Monday, November 9, 2015

What's Gone Wrong in White America?


            The The New York Times published a blockbuster social science story last Monday about a study completed by Nobel laureate Angus Deaton and Anne Case.  Drs. Deaton and Case found that mortality rates had spiked for whites who are between 45 and 54 years old.  That spike was largely confined to people without any college education and bucked mortality trends for all other races and age groups, both in the United States and in other developed countries. 
            Tragically, the increased death rate was the result of suicides, drug overdoses and chronic liver disease, which is generally associated with alcohol abuse.  By contrast, death from lung cancer has trended down for this group while deaths from diabetes associated with obesity have remained flat.
            I was prepared to write an article like the one Harold Meyerson of the Washington Post wrote on Thursday.  He tied this spike in white middle age death to a narrative about the job loss and economic impotence of people who thought that they would be able to maintain a middle class life style by parlaying their high school diplomas into secure jobs in manufacturing and construction, just like their mothers and fathers had.
            In Meyerson’s narrative, the deaths are a natural result of the angst people experience when they lose their jobs and realize that, for them, the American Dream is a chimera.  They realize that they are not going to do better than their parents and that they can expect to finish their lives on the brink of poverty.  They numb their existential pain with drugs and alcohol, or they end them with suicide.
            For good measure, Meyerson points out the Republican presidential candidate Donald Trump draws much of his political support from non-hispanic whites who have high school degrees or less.  Support for Trump and the high death toll for this group, he says, share common roots: “a sense of abandonment, betrayal and misdirected rage.”
             As I started to write, though, it occurred to me that Meyerson’s narrative left too many questions unanswered.  First of all, as the Times points out, while the trend for middle aged is going in an unfortunate direction, middle aged blacks still have a much higher death rate than do whites.  The death rate for middle-aged African-Americans is 581 per 100,000, 166 per 100,000 higher than the 415 per 100,000 applicable for middle-aged whites.   
            The Meyerson narrative doesn’t even mention this fact, nor does he ask why there is a difference between white middle-class mortality and black middle-class mortality.  I suppose it’s newsworthy when a mortality trend reverses itself, but it’s downright embarrassing when a story about middle-aged whites receives vast media attention and the story about abbreviated African-American longevity never even got written.  Middle-aged black mortality doesn’t appear relevant to the larger political narrative.  Do their lives not matter?
            What’s also missing, though, is any analysis of where these deaths are coming from.  Deaton and Case provide one tantalizing graph, which I reproduce here, that sheds some light on this.
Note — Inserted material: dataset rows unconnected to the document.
(* Let $0<\lambda<1$, $0<\beta<1$. The nonzero proper ideals of $\mathcal{B}'(\lambda,\beta)$ are exactly the following: (i) if $\beta=\lambda\neq\tfrac12$: $\mathbb{R}c\subset\operatorname{span}\{b,c\}\subset\operatorname{span}\{a,b,c\}$; (ii) if $\beta=1-\lambda$, $\lambda\neq\tfrac12$: $\mathbb{R}c\subset\operatorname{span}\{a,c\}\subset\operatorname{span}\{a,b,c\}$; (iii) if $\beta\neq\lambda$ and $\beta\neq 1-\lambda$: $\mathbb{R}c\subset\operatorname{span}\{a,b,c\}$; (iv) if $\lambda=\beta=\tfrac12$: $\mathbb{R}c$, $\operatorname{span}\{a,c\}$, $\operatorname{span}\{b,c\}$, $\operatorname{span}\{a,b,c\}$ (with $\mathbb{R}c$ contained in both $2$-dimensional ideals, which are both contained in $\operatorname{span}\{a,b,c\}$).
   Context: For real parameters $0<\lambda<1$ and $0<\beta<1$, $\mathcal{B}'(\lambda,\beta)$ denotes the commutative (non-associative) $4$-dimensional real algebra with basis $\{o,a,b,c\}$ whose bilinear commutative multiplication $\circ$ is determined by $o\circ o=o$, $o\circ a=\lambda a$, $o\circ b=\lambda b$, $a\circ a=a$, $b\circ b=b$, $a\circ b=\frac{\lambda-\beta}{\lambda}a+\frac{\lambda+\beta-1}{\lambda}b+c$, and $c\circ x=x\circ c=0$ for every $x$. (In the paper the basis vector $c$ is written $ab$.) An ideal is a linear subspace $I$ with $x\circ I\subseteq I$ for all $x$ in the algebra. *)

(* The algebra B'(lambda,beta) over a real field R is
   modelled on the row vectors 'rV[R]_4, with coordinates (o, a, b, c). *)
From HB Require Import structures.
From mathcomp Require Import all_boot all_order all_algebra.
Set Implicit Arguments. Unset Strict Implicit. Unset Printing Implicit Defensive.
Import Order.TTheory GRing.Theory Num.Theory.
Local Open Scope ring_scope.

Section Bprime.
Variable R : realFieldType.

Definition bvec (k : nat) : 'rV[R]_4 := delta_mx 0 (inord k).
Definition vo := bvec 0.
Definition va := bvec 1.
Definition vb := bvec 2.
Definition vc := bvec 3.

Definition bmul (l be : R) (i j : nat) : 'rV[R]_4 :=
  match i, j with
  | 0, 0 => vo
  | 0, 1 | 1, 0 => l *: va
  | 0, 2 | 2, 0 => l *: vb
  | 1, 1 => va
  | 2, 2 => vb
  | 1, 2 | 2, 1 => ((l - be) / l) *: va + ((l + be - 1) / l) *: vb + vc
  | _, _ => 0
  end.

Definition Bmul (l be : R) (x y : 'rV[R]_4) : 'rV[R]_4 :=
  \sum_(i < 4) \sum_(j < 4) (x 0 i * y 0 j) *: bmul l be i j.

Definition is_ideal (l be : R) (I : {vspace 'rV[R]_4}) : Prop :=
  forall x y, y \in I -> Bmul l be x y \in I.

Definition nonzero_proper_ideal (l be : R) (I : {vspace 'rV[R]_4}) : Prop :=
  [/\ is_ideal l be I, I != 0%VS & I != fullv].

End Bprime.

(* Write y = y_o o + y_a a + y_b b + y_c c and x ** y for the product.  If an
   ideal contains y with y_o <> 0, it contains o ** (o ** y) - l (o ** y), a nonzero
   multiple of o, and o generates the algebra; so a proper ideal I lies in
   span{a, b, c}.  There o ** y = l (y_a a + y_b b), so the a,b-part and then the
   c-part of each y in I are in I, while a ** y and b ** y have c-coordinates y_b
   and y_a: a nonzero I contains c.  Since a ** b = ((l - be) a + (l + be - 1) b)/l
   + c, a in I forces b in I unless be = 1 - l, and b in I forces a in I unless
   be = l; an element with y_a, y_b both nonzero puts both a and b in I.  Hence I
   is one of the four candidates, each an ideal exactly under its condition. *)
From HB Require Import structures.
From mathcomp Require Import all_boot all_order all_algebra.
From mathcomp Require Import ring lra.
Set Implicit Arguments. Unset Strict Implicit. Unset Printing Implicit Defensive.
Import Order.TTheory GRing.Theory Num.Theory.
Local Open Scope ring_scope.

Section Coordinates.
Variable R : realFieldType.

Notation o := (vo R). Notation a := (va R). Notation b := (vb R). Notation c := (vc R).

Definition coef (x : 'rV[R]_4) (i : nat) : R := x 0 (inord i).

Lemma coef_bvec i j : (i < 4)%N -> (j < 4)%N -> coef (bvec R j) i = (i == j)%:R.
Proof. by move=> hi hj; rewrite /coef /bvec mxE /= -val_eqE /= !inordK. Qed.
            Each point on the graph represents a year and one of the country’s four census regions: blue for the Northeast, red for the Midwest, black for the South and green for the West.
            While all regions show increases in mortality due to suicide and drug overdoses, the death rates in the Northeast and the Midwest seem to lag those in the South and the Midwest.  The worst year for these kinds of deaths in the Northeast and the Midwest was 2013.  But the South and the West had already reached this level of death for these causes in 2007 and 2005 respectively.
            Why did life get harder for middle-aged whites living in the South and the West sooner than it did for middle-aged whites living in the Northeast and the Midwest? Why do things get much worse in the South after 2005 and the West after 2007?  Is there something going on at the state or local level that is either making mortality rates from drug abuse and suicide worse in the South and in the West or is there something happening in the Northeast and the Midwest that is putting a lid on the problem there?
            And finally, why have the mortality trends reversed themselves only for middle-aged whites with no college experience? It’s easy to jump to the conclusion, as the Meyerson narrative does, that folks who haven’t been to college are more likely to experience joblessness or economic dislocation leading to poverty and hopelessness than their better-educated peers. But, is that really the whole answer?
            How can we explain the fact that, according to the study, people who have taken some college coursework but didn’t graduate from college are doing much better than middle-aged whites with no college experience?  Why should a college dropout, someone who has obviously failed at something big, be less likely to die in middle-age by suicide or drug overdose than his or her peer with only a high school diploma?  Are his or her life prospects really that much better?  Is there something about an abbreviated college experience than helps to immunize a person against suicide and death by drug addiction at middle-age, or is it the willingness to try to get a college education that does the trick?
            Good science is all about generating good questions. Deaton and Case have just contributed more than their share.  Questions such as the ones I’ve just asked should keep social scientists busy for a good long time.

            Their answers are clearly matters of life and death.